### Data provided

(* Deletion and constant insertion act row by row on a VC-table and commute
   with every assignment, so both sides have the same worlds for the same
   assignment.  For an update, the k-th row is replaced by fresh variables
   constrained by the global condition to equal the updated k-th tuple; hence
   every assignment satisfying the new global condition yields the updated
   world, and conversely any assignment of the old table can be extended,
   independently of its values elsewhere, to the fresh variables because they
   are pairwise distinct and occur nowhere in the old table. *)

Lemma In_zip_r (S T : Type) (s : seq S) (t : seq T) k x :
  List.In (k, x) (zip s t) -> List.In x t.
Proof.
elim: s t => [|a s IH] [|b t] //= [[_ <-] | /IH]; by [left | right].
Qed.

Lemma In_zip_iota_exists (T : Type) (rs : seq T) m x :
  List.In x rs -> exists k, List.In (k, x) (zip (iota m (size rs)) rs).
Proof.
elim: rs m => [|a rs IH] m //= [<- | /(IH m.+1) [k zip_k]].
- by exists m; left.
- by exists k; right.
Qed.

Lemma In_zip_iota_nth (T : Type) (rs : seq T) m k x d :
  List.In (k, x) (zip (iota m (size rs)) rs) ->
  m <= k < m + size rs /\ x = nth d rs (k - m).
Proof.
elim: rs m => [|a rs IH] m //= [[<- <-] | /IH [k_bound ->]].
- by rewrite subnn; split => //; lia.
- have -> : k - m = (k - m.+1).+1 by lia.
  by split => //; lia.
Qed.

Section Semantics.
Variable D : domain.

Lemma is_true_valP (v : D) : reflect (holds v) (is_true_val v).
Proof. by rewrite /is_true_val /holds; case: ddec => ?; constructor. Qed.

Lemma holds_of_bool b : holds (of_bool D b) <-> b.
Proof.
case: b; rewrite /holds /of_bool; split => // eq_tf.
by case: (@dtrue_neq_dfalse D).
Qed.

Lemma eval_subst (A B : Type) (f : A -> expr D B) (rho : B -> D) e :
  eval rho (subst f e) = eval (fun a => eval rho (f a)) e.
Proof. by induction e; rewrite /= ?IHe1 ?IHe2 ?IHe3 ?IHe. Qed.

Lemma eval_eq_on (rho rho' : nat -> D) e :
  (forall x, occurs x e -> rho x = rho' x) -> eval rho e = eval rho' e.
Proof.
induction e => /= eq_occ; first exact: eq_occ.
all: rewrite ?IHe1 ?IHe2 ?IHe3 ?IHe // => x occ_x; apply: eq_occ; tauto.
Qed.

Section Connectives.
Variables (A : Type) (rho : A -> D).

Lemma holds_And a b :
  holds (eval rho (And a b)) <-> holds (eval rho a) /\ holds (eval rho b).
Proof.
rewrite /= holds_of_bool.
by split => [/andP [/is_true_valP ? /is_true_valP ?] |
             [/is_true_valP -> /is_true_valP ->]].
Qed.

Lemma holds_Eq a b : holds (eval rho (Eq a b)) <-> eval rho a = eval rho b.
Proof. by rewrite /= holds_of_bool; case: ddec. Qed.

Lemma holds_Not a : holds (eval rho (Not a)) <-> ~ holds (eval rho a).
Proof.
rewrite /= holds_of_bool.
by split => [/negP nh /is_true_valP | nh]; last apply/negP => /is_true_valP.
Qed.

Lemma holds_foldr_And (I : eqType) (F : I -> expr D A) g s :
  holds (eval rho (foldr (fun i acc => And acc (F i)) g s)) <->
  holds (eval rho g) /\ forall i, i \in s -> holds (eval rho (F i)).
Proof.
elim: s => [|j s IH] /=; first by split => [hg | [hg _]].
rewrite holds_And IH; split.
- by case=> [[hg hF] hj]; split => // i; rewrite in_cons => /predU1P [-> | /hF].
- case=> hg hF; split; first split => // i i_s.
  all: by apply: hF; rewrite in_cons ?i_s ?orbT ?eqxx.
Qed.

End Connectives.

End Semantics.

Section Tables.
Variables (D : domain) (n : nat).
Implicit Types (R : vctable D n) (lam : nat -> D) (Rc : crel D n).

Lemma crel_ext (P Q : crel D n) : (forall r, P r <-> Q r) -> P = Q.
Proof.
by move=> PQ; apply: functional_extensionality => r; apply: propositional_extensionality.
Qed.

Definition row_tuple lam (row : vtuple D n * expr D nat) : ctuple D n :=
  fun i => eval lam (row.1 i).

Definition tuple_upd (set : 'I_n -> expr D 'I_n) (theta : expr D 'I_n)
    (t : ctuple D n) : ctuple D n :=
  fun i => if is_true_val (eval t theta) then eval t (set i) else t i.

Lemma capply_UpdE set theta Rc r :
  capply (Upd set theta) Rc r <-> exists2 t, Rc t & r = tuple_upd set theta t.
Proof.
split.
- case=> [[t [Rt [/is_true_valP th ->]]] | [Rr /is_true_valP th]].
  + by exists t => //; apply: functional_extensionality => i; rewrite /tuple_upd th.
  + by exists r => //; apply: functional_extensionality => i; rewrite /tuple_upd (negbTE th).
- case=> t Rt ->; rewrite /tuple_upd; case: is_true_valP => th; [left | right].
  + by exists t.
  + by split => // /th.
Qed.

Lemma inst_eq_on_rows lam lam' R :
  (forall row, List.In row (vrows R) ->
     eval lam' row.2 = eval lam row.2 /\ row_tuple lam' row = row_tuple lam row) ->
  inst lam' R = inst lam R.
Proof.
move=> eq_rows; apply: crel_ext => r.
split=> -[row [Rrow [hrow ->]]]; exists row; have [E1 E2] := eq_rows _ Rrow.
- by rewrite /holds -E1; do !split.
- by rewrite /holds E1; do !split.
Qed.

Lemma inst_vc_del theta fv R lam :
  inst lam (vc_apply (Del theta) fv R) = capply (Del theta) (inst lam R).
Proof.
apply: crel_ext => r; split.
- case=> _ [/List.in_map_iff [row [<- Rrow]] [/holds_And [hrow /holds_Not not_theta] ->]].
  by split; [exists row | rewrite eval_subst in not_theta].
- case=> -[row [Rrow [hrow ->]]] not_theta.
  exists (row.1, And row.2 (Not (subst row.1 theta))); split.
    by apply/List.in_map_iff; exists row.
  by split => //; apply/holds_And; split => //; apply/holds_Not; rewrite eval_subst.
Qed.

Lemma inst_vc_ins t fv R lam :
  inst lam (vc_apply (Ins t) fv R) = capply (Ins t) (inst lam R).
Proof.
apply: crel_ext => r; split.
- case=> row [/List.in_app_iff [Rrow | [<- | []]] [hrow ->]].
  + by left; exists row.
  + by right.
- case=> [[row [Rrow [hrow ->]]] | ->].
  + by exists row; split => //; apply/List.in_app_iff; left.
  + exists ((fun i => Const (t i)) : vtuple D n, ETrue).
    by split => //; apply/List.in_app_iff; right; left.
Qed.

######

- [Work request] Show every line of the data in which the word "Connectives" appears.

- [Exercise result]
Section Connectives.
End Connectives.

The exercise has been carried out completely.